> _Problem statement_: Scan the data. Collect each line that contains the word "elim".

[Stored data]
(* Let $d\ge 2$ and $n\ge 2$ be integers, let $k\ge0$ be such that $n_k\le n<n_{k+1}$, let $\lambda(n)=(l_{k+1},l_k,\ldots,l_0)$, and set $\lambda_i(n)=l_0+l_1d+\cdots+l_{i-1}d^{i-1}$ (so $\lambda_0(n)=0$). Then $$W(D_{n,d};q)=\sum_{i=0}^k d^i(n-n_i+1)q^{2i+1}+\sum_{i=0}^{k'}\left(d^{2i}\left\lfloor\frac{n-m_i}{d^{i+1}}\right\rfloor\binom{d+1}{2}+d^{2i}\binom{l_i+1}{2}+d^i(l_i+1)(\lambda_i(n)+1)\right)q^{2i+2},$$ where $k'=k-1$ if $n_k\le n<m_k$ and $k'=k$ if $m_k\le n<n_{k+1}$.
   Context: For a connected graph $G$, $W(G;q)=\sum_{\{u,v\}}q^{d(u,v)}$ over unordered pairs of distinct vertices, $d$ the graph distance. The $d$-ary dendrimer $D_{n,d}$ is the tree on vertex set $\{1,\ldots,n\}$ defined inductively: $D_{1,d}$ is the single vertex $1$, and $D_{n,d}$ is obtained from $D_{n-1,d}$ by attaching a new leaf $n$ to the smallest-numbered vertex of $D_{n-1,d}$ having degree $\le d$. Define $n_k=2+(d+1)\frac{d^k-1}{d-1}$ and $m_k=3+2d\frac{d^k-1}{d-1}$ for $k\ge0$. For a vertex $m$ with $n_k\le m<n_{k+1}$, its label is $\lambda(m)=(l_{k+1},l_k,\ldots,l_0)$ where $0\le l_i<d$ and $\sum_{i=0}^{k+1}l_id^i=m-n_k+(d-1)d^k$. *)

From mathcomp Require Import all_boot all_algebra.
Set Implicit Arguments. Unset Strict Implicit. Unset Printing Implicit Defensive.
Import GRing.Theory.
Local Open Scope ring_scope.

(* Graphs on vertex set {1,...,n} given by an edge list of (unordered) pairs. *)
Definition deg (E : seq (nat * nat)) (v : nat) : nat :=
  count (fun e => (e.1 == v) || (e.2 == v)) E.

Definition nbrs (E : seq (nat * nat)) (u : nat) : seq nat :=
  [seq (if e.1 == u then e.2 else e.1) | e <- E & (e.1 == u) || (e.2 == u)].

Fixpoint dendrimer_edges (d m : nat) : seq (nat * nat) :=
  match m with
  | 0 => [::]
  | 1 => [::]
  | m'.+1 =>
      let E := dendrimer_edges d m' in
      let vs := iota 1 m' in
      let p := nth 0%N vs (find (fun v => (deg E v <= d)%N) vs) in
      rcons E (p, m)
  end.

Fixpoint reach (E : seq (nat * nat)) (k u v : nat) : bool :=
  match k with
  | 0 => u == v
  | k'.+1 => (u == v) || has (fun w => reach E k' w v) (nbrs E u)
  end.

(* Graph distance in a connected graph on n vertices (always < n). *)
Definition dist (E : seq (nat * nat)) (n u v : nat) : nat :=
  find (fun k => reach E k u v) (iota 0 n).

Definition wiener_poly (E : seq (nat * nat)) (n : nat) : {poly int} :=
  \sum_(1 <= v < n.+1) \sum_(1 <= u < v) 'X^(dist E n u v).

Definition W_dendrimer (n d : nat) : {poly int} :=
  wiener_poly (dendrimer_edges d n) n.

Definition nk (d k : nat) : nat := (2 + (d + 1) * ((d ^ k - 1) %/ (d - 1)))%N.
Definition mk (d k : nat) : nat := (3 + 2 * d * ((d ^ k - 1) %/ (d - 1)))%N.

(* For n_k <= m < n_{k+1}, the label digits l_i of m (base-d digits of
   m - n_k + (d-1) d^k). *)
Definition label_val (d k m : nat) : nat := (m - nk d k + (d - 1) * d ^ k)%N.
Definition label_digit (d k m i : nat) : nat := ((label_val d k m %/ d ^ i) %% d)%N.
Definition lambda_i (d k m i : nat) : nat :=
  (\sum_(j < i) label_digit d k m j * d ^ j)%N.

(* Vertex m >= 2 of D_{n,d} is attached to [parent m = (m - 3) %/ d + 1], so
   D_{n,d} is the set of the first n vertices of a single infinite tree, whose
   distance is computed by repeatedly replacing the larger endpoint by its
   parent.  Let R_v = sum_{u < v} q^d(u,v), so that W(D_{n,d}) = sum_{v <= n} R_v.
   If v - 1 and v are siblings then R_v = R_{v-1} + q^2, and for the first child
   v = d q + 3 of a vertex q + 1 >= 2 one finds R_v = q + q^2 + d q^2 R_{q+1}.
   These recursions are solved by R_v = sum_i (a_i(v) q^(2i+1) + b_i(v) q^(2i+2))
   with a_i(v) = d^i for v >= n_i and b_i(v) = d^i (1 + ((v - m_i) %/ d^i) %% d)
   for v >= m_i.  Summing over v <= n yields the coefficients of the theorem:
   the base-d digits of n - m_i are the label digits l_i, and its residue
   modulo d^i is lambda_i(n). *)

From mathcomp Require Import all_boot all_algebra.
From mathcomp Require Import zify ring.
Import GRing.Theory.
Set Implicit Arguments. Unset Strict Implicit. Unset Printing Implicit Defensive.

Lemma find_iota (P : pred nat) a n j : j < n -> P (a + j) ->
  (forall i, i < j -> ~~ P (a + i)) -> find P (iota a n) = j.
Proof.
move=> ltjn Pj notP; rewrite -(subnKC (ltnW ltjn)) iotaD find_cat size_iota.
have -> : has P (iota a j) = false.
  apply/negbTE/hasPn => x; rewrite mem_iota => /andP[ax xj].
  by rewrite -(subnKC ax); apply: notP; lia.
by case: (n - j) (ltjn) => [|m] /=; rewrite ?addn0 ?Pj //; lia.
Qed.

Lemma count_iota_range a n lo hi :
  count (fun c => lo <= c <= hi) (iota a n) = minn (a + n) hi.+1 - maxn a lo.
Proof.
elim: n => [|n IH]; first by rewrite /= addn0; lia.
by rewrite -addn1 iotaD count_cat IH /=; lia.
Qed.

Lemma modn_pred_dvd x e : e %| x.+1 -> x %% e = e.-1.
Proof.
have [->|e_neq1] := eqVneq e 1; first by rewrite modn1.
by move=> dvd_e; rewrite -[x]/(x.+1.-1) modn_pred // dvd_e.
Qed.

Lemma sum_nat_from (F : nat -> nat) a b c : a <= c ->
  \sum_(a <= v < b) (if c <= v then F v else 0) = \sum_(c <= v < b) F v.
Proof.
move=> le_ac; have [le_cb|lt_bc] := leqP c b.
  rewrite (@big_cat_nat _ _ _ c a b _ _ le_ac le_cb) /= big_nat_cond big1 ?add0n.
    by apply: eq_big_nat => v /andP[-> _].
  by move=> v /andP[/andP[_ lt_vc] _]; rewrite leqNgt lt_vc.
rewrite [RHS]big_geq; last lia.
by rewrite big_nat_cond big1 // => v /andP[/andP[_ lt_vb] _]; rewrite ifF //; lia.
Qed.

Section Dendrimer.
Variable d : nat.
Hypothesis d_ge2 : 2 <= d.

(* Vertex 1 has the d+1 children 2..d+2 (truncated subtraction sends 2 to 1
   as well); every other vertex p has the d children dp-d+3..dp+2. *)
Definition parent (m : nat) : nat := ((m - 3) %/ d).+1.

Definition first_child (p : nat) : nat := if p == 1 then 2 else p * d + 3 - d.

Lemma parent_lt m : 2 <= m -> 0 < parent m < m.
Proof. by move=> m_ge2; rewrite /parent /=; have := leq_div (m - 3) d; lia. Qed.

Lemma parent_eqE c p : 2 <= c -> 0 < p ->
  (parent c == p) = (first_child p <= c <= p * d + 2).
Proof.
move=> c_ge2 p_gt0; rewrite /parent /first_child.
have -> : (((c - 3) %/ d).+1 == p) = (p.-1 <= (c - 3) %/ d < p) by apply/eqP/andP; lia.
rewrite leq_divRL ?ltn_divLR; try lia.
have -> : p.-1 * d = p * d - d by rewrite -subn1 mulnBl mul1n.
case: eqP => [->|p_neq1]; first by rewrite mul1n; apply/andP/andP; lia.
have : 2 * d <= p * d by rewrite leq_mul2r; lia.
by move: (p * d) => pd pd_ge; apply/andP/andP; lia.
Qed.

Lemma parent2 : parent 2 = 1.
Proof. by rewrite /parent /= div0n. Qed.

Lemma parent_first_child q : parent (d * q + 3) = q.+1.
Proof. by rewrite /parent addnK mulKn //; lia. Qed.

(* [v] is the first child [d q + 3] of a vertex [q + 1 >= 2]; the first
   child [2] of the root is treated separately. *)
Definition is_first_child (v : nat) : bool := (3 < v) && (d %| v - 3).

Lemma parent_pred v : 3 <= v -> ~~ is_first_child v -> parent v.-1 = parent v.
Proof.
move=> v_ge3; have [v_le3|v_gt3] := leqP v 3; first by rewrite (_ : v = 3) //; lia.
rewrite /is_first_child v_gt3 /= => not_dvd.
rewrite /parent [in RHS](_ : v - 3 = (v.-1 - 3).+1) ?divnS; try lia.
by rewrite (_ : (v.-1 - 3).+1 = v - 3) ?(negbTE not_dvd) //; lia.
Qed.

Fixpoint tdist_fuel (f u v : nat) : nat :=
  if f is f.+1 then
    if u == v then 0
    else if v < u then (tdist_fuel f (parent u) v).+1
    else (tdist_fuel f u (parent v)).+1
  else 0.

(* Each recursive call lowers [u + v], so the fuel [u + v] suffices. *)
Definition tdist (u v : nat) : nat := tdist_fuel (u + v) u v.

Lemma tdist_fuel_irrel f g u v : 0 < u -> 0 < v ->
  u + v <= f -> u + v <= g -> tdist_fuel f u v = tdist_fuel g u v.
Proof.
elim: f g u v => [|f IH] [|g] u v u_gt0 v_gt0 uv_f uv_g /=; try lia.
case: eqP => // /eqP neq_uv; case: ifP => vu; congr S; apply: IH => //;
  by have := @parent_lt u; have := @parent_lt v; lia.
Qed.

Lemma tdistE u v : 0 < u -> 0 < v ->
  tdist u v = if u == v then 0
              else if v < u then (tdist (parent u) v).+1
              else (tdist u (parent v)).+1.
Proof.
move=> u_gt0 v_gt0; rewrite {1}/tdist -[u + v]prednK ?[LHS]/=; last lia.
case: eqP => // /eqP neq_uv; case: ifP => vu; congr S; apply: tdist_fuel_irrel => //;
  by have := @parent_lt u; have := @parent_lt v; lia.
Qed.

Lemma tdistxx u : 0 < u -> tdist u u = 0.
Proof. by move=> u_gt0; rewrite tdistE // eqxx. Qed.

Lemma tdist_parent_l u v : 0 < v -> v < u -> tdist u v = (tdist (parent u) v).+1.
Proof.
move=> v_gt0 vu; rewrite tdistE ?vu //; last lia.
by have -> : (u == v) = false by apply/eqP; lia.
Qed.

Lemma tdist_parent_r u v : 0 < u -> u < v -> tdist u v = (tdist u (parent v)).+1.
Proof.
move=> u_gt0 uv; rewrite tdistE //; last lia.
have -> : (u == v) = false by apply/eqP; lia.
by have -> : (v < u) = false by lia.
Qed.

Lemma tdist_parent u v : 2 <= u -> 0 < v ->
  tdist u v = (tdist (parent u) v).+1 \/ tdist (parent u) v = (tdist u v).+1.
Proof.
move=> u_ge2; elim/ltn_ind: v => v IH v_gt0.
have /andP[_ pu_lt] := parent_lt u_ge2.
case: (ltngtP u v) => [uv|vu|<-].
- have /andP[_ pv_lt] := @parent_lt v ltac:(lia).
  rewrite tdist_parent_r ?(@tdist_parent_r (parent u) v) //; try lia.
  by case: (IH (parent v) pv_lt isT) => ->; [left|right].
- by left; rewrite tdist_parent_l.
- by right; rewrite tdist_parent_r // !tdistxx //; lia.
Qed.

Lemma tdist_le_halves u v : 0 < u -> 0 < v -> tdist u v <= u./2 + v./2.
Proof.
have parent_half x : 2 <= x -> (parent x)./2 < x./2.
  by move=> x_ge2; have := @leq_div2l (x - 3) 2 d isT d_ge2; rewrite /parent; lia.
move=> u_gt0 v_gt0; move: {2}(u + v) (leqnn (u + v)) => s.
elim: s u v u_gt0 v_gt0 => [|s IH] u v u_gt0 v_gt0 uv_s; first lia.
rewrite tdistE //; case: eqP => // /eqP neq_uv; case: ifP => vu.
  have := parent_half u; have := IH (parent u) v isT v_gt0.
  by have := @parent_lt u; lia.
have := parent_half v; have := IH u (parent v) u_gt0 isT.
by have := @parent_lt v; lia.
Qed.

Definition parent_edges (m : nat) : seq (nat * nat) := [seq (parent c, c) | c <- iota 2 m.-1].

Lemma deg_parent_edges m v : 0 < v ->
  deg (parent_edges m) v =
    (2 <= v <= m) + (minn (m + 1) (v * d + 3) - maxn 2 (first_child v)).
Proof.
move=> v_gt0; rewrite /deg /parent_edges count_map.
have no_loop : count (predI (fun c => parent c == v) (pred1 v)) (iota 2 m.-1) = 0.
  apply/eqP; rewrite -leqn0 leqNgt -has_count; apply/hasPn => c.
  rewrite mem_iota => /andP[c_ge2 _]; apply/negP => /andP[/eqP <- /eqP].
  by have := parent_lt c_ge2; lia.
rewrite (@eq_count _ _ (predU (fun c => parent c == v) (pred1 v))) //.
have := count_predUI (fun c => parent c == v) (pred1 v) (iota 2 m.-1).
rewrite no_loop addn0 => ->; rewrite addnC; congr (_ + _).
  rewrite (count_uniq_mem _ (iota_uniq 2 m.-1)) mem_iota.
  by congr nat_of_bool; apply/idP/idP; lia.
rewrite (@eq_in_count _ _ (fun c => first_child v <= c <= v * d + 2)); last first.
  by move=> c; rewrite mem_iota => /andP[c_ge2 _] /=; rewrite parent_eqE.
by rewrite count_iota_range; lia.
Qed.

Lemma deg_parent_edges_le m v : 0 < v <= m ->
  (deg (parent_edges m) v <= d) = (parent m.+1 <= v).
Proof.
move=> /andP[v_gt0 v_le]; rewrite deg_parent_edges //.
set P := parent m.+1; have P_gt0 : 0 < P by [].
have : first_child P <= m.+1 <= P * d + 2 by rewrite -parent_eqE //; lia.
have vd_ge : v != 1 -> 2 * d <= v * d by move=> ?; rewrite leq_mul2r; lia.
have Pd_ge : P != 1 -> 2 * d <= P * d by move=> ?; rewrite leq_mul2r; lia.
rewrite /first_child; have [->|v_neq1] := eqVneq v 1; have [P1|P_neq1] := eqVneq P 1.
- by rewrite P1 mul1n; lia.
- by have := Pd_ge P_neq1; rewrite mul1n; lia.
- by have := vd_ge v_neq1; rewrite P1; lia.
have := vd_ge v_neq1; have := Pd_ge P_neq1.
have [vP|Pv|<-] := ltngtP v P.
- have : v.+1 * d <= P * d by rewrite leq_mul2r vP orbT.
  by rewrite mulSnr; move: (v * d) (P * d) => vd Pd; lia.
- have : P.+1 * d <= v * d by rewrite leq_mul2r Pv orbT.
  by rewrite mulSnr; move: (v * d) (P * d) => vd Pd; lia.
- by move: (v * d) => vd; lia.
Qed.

> _Solved exercise_:
elim: n => [|n IH]; first by rewrite /= addn0; lia.
elim: f g u v => [|f IH] [|g] u v u_gt0 v_gt0 uv_f uv_g /=; try lia.
move=> u_ge2; elim/ltn_ind: v => v IH v_gt0.
elim: s u v u_gt0 v_gt0 => [|s IH] u v u_gt0 v_gt0 uv_s; first lia.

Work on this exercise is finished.